Frank ran to the side and called back his boat, giving the man
five shillings to take a note at once to Cassie. He had no time
for more than a few lines, but he could not go to sea without at
least one word of farewell. They were cutting the anchor and were
already under steerage way when Cassie came off herself in a
launch and passed up a letter directed to the chief engineer. It
reached him in the engine-room, where he, not knowing that she was
but a few feet distant, was spared the sight of her pale and
despairing face.
The letter itself was almost incoherent.

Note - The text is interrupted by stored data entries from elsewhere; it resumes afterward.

Lemma gR_plus_I_notin p : p != 0 -> v (iota p) = (a i.+1)%:Z -> ~ J p.
Proof.
move=> p0 vp [s [y [Iy py]]].
have e : iota p - iota y = iota (s * g) by rewrite -rmorphB py addrK.
have [] := @vD_lt (iota p) (- iota y) (iota_neq0 p0).
  rewrite oppr_eq0 vN (iota_eq0 iota_inj) vp => y0.
  by apply: lt_le_trans (I_v Iy y0); rewrite ltz_nat a_ltn_mono.
rewrite e vp (iota_eq0 iota_inj) mulf_eq0 negb_or => /andP [s0 _] vsg.
have vs : 1 <= v (iota s).
  move: vsg; rewrite rmorphM vM ?iota_neq0 // vg.
  have : (a i < a i.+1)%N by rewrite a_ltn_mono.
  lia.
apply: g_bad; apply: (mul_I_eq_scale_of_multiplier (iota_neq0 s0) vs _ (rmorphM _ s g) vsg).
by move=> z _; exists (s * z); rewrite rmorphM.
Qed.

Lemma gR_plus_I_neq_I j : ~ same_ideal J (I j).
Proof.
move=> JI; have [p p0 vp] := exists_v_iota i.+1.
have /I_v /(_ g0) : I j g by apply/JI/gR_plus_I_gen.
rewrite vg lez_nat a_mono => ji; apply: (gR_plus_I_notin p0 vp); apply/JI.
by apply: I_subset (leqW ji) _; apply: I_of_v => _; rewrite vp.
Qed.

End BadIndex.

Definition bad_index i : Prop := [/\ (1 <= i)%N, (i <= n - 3)%N &
  exists q : R, q != 0 /\ v (iota q) = (a i)%:Z /\
    ~ same_ideal (ideal_mul (I i) (I i.+2)) (scale_ideal q (I i.+2))].

(* The index after the largest bad one is good, either by maximality or, when [i + 3 = n],
   because of the conductor. *)
Lemma maximal_bad_index : (exists i, bad_index i) ->
  exists i q, [/\ (i.+2 <= n)%N, q != 0, v (iota q) = (a i)%:Z,
    ~ same_ideal (ideal_mul (I i) (I i.+2)) (scale_ideal q (I i.+2)) &
    forall p, p != 0 -> v (iota p) = (a i.+1)%:Z ->
      same_ideal (ideal_mul (I i.+1) (I i.+3)) (scale_ideal p (I i.+3))].
Proof.
move=> [i0 bad_i0]; have ex_bad : exists i, `[< bad_index i >] by exists i0; apply/asboolP.
have bad_le i : `[< bad_index i >] -> (i <= n - 3)%N by case/asboolP.
case: (ex_maxnP ex_bad bad_le) => i /asboolP [i1 i_le [q [q0 [vq q_bad]]]] i_max.
exists i, q; split=> // [|p p0 vp]; first lia.
have [lt_i|ge_i] := ltnP i (n - 3); last first.
  have -> : i.+3 = n by lia.
  exact: mul_I_conductor_eq_scale.
apply: contrapT => p_bad; have : (i.+1 <= i)%N by apply/i_max/asboolP; split=> //; exists p.
by rewrite ltnn.
Qed.

Section ShiftedGenerators.
Variables (i : nat) (q p : R).
Hypotheses (in2 : (i.+2 <= n)%N) (q0 : q != 0) (vq : v (iota q) = (a i)%:Z).
Hypothesis q_bad : ~ same_ideal (ideal_mul (I i) (I i.+2)) (scale_ideal q (I i.+2)).
Hypothesis succ_good : forall p, p != 0 -> v (iota p) = (a i.+1)%:Z ->
  same_ideal (ideal_mul (I i.+1) (I i.+3)) (scale_ideal p (I i.+3)).
Hypotheses (p0 : p != 0) (vp : v (iota p) = (a i.+1)%:Z).

Let Ip : I i.+1 p. Proof. by apply: I_of_v => _; rewrite vp. Qed.

Lemma shift_bad al :
  ~ same_ideal (ideal_mul (I i) (I i.+2)) (scale_ideal (q + al * p) (I i.+2)).
Proof. by move/(mul_I_eq_scale_shift in2 q0 vq Ip). Qed.

Lemma shift_in_TR al : in_TR (gR_plus_I (q + al * p) i.+2).
Proof.
have [g0 vg] := v_shift al q0 vq Ip; exact: gR_plus_I_in_TR g0 vg succ_good in2 (@shift_bad al).
Qed.

Lemma shift_sep al be :
  same_ideal (gR_plus_I (q + al * p) i.+2) (gR_plus_I (q + be * p) i.+2) -> nonunits (al - be).
Proof.
move=> same u; have [g0 vg] := v_shift al q0 vq Ip.
apply: (gR_plus_I_notin g0 vg succ_good in2 (@shift_bad al) p0 vp).
case: (gR_plus_I_ideal (q + al * p) i.+2) => _ JD JM.
have Jdp : gR_plus_I (q + al * p) i.+2 ((al - be) * p).
  have -> : (al - be) * p = (q + al * p) + (-1) * (q + be * p) by ring.
  by apply: JD (gR_plus_I_gen _ _) _; apply/JM/same/gR_plus_I_gen.
by have := JM (al - be)^-1 _ Jdp; rewrite mulKr.
Qed.

End ShiftedGenerators.

Section ExistsBadIndex.
Hypothesis bad : exists i, bad_index i.

Lemma TR_not_I : exists T, in_TR T /\ forall j, ~ same_ideal T (I j).
Proof.
have [i [q [in2 q0 vq q_bad succ_good]]] := maximal_bad_index bad.
exists (gR_plus_I q i.+2); split; first exact: gR_plus_I_in_TR q0 vq succ_good in2 q_bad.
exact: gR_plus_I_neq_I q0 vq succ_good in2 q_bad.
Qed.

Lemma TR_infinite : infinite_residue_field R ->
  forall k (L : 'I_k -> R -> Prop), exists T, in_TR T /\ forall l, ~ same_ideal T (L l).
Proof.
move=> Rinf k L; have [i [q [in2 q0 vq q_bad succ_good]]] := maximal_bad_index bad.
have [p p0 vp] := exists_v_iota i.+1.
have [al T_new] := infinite_residue_avoid Rinf (shift_sep in2 q0 vq q_bad succ_good p0 vp) L.
exists (gR_plus_I (q + al * p) i.+2); split=> //.
exact: shift_in_TR in2 q0 vq q_bad succ_good vp al.
Qed.

End ExistsBadIndex.
End Conductor.
End ValueSemigroup.
End Valuation.

Theorem corollary3p7 (R : idomainType) (K : fieldType)
  (iota : {rmorphism R -> K}) (v : K -> int) (a : nat -> nat) (n : nat) :
  is_fraction_field iota ->
  is_local R -> is_noetherian R -> krull_dim_one R ->
  Rbar_finite iota -> Rbar_local iota ->
  residue_iso iota ->
  normalized_valuation_of_Rbar iota v ->
  enumerates_value_semigroup iota v a ->
  conductor_index a n ->
  (4 <= n)%N ->
  (exists i, [/\ (1 <= i)%N, (i <= n - 3)%N &
     exists q : R, q != 0 /\ v (iota q) = (a i)%:Z /\
       ~ same_ideal (ideal_mul (Ival iota v a i) (Ival iota v a i.+2))
                    (scale_ideal q (Ival iota v a i.+2))]) ->
  (* (1) I(R) is strictly contained in T(R) *)
  ((forall j, (j <= n)%N -> in_TR (Ival iota v a j)) /\
   (exists T, in_TR T /\ forall j, (j <= n)%N -> ~ same_ideal T (Ival iota v a j))) /\
  (* (2) if k is infinite then T(R) is infinite *)
  (infinite_residue_field R ->
   forall (k : nat) (L : 'I_k -> R -> Prop),
     exists T, in_TR T /\ forall l, ~ same_ideal T (L l)).
Proof.
move=> frac _ _ _ fin _ res vnorm aE nE _ bad.
split; first split.
- by move=> j; apply: I_in_TR.
- have [T [T_TR T_new]] := TR_not_I frac vnorm res aE nE fin bad.
  by exists T; split=> // j _; apply: T_new.
- exact (TR_infinite frac vnorm res aE nE fin bad).
Qed.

She knew, she said, whom
she had to thank for his departure. That vixen, that hussy, that
stuck-up minx, who treated him like a dog and yet grudged him to
another, who, God help her, loved him too well for her own good--
it was her ladyship she had to thank for spoiling everything and
carrying him away. Was he not man enough to assert himself and
leave a ship where he was put upon so awful? Let him ask her
mightiness in two words, yes or no; and then when he had come down
from the clouds and had learned the truth, poor silly fool--then
let him come back to his Cassie, who loved him so dear, and who
(if she did say it herself) had a heart worth fifty of his
mistress and didn't need no powder to set off her complexion.